In defense of this course, it does appear in the syllabus to include a fair amount of analog material and basic principles. It does in fact start w/Kirchoff's Laws, which must include a treatment of Ohm's Law to be useful in most situations (nodal/mesh analyses, etc). The FAQ also claims to emphasize the analog and deemphasize the microcontroller aspects.
I think like most blogs these days, this course is using the microcontroller/robot as the hook to get the interest of the student/young player, and then ties the course material back to it frequently to keep them. It's not a bad strategy overall, even if it doesn't appeal to people not interested in robotics (me).
Education: 1.Inspire 2.Inform 3a.Evaluate 3b.Experiment 4.Repeat
This is just a different way to skin the question/answer format of teaching. It's essentially the same thing with different labels.

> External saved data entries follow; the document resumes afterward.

(* There exists a $(k^2,k;4)$-MOHS for each $k\in\{9,21,27\}$, and there exists a $(121,11;9)$-MOHS.
   Context: Let $G$ be an abelian group of odd order $2v+1\ge 7$. A half-set of $G$ is a subset $V\subseteq G\setminus\{0\}$ containing exactly one element of each pair $\{g,-g\}$, $g\ne 0$. A $(v,k)$ Heffter system on $V$ is a partition of $V$ into blocks of size $k$, each summing to $0$ in $G$. Two Heffter systems on the same half-set are orthogonal if every block of one meets every block of the other in at most one element. A $(v,k;r)$-MOHS is a set of $r$ pairwise orthogonal $(v,k)$ Heffter systems on a common half-set of some abelian group of order $2v+1$. *)

From HB Require Import structures.
From mathcomp Require Import all_boot all_order all_algebra.
Set Implicit Arguments. Unset Strict Implicit. Unset Printing Implicit Defensive.
Import GRing.Theory.
Local Open Scope ring_scope.

Definition half_set (G : finZmodType) (V : {set G}) : Prop :=
  (0 \notin V) /\ (forall g : G, g != 0 -> (g \in V) = ((- g) \notin V)).

Definition heffter_system (G : finZmodType) (V : {set G}) (k : nat)
    (P : {set {set G}}) : Prop :=
  partition P V /\
  (forall B, B \in P -> #|B| = k /\ \sum_(x in B) x = 0).

Definition orthogonal_hs (G : finZmodType) (P Q : {set {set G}}) : Prop :=
  forall B C, B \in P -> C \in Q -> (#|B :&: C| <= 1)%N.

Definition MOHS (v k r : nat) : Prop :=
  exists (G : finZmodType) (V : {set G}) (H : 'I_r -> {set {set G}}),
    [/\ #|G| = (2 * v).+1, half_set V,
        #|V| = v,
        (forall i, heffter_system V k (H i)) &
        (forall i j, i != j -> orthogonal_hs (H i) (H j))].
(* Let $B>0$ and let $a_0,\dots,a_T\in[0,B]$ with $a_0>0$. Then $$\sum_{t=1}^{T}\frac{a_t}{\sum_{\tau=0}^{t-1}a_\tau}\le\log_2\!\left(\frac{\sum_{t=0}^{T-1}a_t}{a_0}\right)+1+\frac{2B}{a_0}.$$ *)

From Stdlib Require Import Reals.
Open Scope R_scope.

Fixpoint sumR (n : nat) (f : nat -> R) : R :=
  match n with
  | O => 0
  | S k => sumR k f + f k
  end.

Definition sumR_from (m n : nat) (f : nat -> R) : R :=
  sumR (n - m) (fun i => f (m + i)%nat).

Definition log2 (x : R) : R := ln x / ln 2.

(* With S_t = a_0 + ... + a_(t-1), the potential Phi(s) = log2 (s / a_0) - 2B / s
   increases by at least a_t / S_t from S_t to S_(t+1) = S_t + a_t: the increment
   of log2 is at least a_t / S_(t+1), and the increment of -2B/s pays for the
   difference a_t^2 / (S_t S_(t+1)) because a_t <= 2B.  Telescoping bounds all but
   the last term by Phi(S_T) - Phi(a_0), and the last term a_T / S_T is absorbed
   by the 2B / S_T left over in Phi(S_T). *)

From Stdlib Require Import Reals Lra Lia.
Open Scope R_scope.

Lemma sumR_S (n : nat) (f : nat -> R) : sumR (S n) f = sumR n f + f n.
Proof. reflexivity. Qed.

Lemma sumR_from_1 (n : nat) (f : nat -> R) :
  sumR_from 1 (n + 1) f = sumR n (fun i => f (S i)).
Proof. unfold sumR_from. now replace (n + 1 - 1)%nat with n by lia. Qed.

Lemma sumR_ge_first (n : nat) (f : nat -> R) :
  (0 < n)%nat -> (forall i, (0 < i < n)%nat -> 0 <= f i) -> f 0%nat <= sumR n f.
Proof.
  induction n as [|n IH]; intros hn hf; [lia|].
  rewrite sumR_S. destruct n as [|n].
  - simpl. lra.
  - assert (f 0%nat <= sumR (S n) f) by (apply IH; [lia | intros i hi; apply hf; lia]).
    assert (0 <= f (S n)) by (apply hf; lia).
    lra.
Qed.

Lemma sumR_le_telescope (n : nat) (u phi : nat -> R) :
  (forall i, (i < n)%nat -> u i <= phi (S i) - phi i) -> sumR n u <= phi n - phi 0%nat.
Proof.
  induction n as [|n IH]; intros hu; simpl.
  - lra.
  - assert (sumR n u <= phi n - phi 0%nat) by (apply IH; intros i hi; apply hu; lia).
    assert (u n <= phi (S n) - phi n) by (apply hu; lia).
    lra.
Qed.

Lemma ln_ge_1_sub_inv (x : R) : 0 < x -> 1 - / x <= ln x.
Proof.
  intros hx.
  pose proof (exp_ineq1_le (- ln x)) as H.
  rewrite exp_Ropp, exp_ln in H by exact hx.
  lra.
Qed.

Lemma ln_2_lt_1 : ln 2 < 1.
Proof.
  rewrite <- (ln_exp 1). apply ln_increasing; [lra|].
  pose proof (exp_ineq1 1 ltac:(lra)). lra.
Qed.

Lemma ln_le_log2 (x : R) : 1 <= x -> ln x <= log2 x.
Proof.
  intros hx.
  assert (0 <= ln x).
  { pose proof (ln_ge_1_sub_inv x ltac:(lra)).
    assert (/ x <= 1) by (rewrite <- Rinv_1; apply Rinv_le_contravar; lra).
    lra. }
  pose proof ln_lt_2. pose proof ln_2_lt_1.
  unfold log2. apply (Rmult_le_reg_r (ln 2)); [lra|].
  unfold Rdiv. rewrite Rmult_assoc, Rinv_l by lra. nra.
Qed.

Lemma log2_div_sub (x y z : R) : 0 < x -> 0 < y -> 0 < z ->
  log2 (x / z) - log2 (y / z) = log2 (x / y).
Proof.
  intros hx hy hz. pose proof ln_lt_2.
  unfold log2, Rdiv.
  rewrite !ln_mult, !ln_Rinv by (try apply Rinv_0_lt_compat; lra).
  field. lra.
Qed.

Lemma ratio_le_ln_increment (B s y : R) : 0 < s -> 0 <= y <= B ->
  y / s <= ln ((s + y) / s) + 2 * B / s - 2 * B / (s + y).
Proof.
  intros hs hy.
  assert (hln : y / (s + y) <= ln ((s + y) / s)).
  { replace (y / (s + y)) with (1 - / ((s + y) / s)) by (field; lra).
    apply ln_ge_1_sub_inv. apply Rdiv_lt_0_compat; lra. }
  assert (hgap : 0 <= y * (2 * B - y) / (s * (s + y))).
  { apply Rmult_le_pos; [nra | left; apply Rinv_0_lt_compat; nra]. }
  assert (2 * B / s - 2 * B / (s + y)
          = y / s - y / (s + y) + y * (2 * B - y) / (s * (s + y))) by (field; lra).
  lra.
Qed.

Section Potential.

Variables (B a0 : R).
Hypothesis ha0 : 0 < a0.

Definition potential (s : R) : R := log2 (s / a0) - 2 * B / s.

Lemma potential_a0 : potential a0 = - (2 * B / a0).
Proof.
  unfold potential, log2. rewrite Rdiv_diag by lra. rewrite ln_1. lra.
Qed.

Lemma ratio_le_potential_increment (s y : R) : 0 < s -> 0 <= y <= B ->
  y / s <= potential (s + y) - potential s.
Proof.
  intros hs hy.
  pose proof (ratio_le_ln_increment B s y hs hy).
  assert (ln ((s + y) / s) <= log2 ((s + y) / s)).
  { apply ln_le_log2. apply (Rmult_le_reg_r s); [lra|].
    unfold Rdiv. rewrite Rmult_assoc, Rinv_l by lra. lra. }
  unfold potential.
  rewrite <- (log2_div_sub (s + y) s a0) in * by lra.
  lra.
Qed.

End Potential.

Theorem lemmaB1 (B : R) (T : nat) (a : nat -> R)
  (hB : 0 < B) (hT : (1 <= T)%nat)
  (ha : forall t, (t <= T)%nat -> 0 <= a t <= B)
  (ha0 : 0 < a 0%nat) :
  sumR_from 1 (T + 1) (fun t => a t / sumR t a)
  <= log2 (sumR T a / a 0%nat) + 1 + 2 * B / a 0%nat.
Proof.
  assert (hS : forall t, (0 < t <= T + 1)%nat -> a 0%nat <= sumR t a).
  { intros t ht. apply sumR_ge_first; [lia|]. intros i hi. apply ha. lia. }
  destruct T as [|T]; [lia|].
  rewrite sumR_from_1, sumR_S.
  assert (htel : sumR T (fun i => a (S i) / sumR (S i) a)
                 <= potential B (a 0%nat) (sumR (S T) a) - potential B (a 0%nat) (sumR 1 a)).
  { apply (sumR_le_telescope T _ (fun i => potential B (a 0%nat) (sumR (S i) a))).
    intros i hi. rewrite (sumR_S (S i)).
    apply ratio_le_potential_increment; [lra | |].
    - pose proof (hS (S i) ltac:(lia)). lra.
    - apply ha. lia. }
  assert (hlast : a (S T) / sumR (S T) a <= 2 * B / sumR (S T) a).
  { pose proof (hS (S T) ltac:(lia)). pose proof (ha (S T) ltac:(lia)).
    apply Rmult_le_compat_r; [left; apply Rinv_0_lt_compat|]; lra. }
  replace (sumR 1 a) with (a 0%nat) in htel by (simpl; ring).
  rewrite potential_a0 in htel by exact ha0.
  unfold potential in htel.
  lra.
Qed.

I take the robot/micro as their Inspire phase. The material will Inform and Evaluate. The Experiments should cause as many questions as answers they generate, tying back to Inspire and whetting the students' appetite for the next round of Inform. For an introductory course, this strategy seems appropriate, where Inspire can be handled by "the reason why I came here" and Inform can be used to tie in areas the student would not have pursued on their own, exposing them to a wider survey of material, and just tying it back into the main theme so that they get what they came for.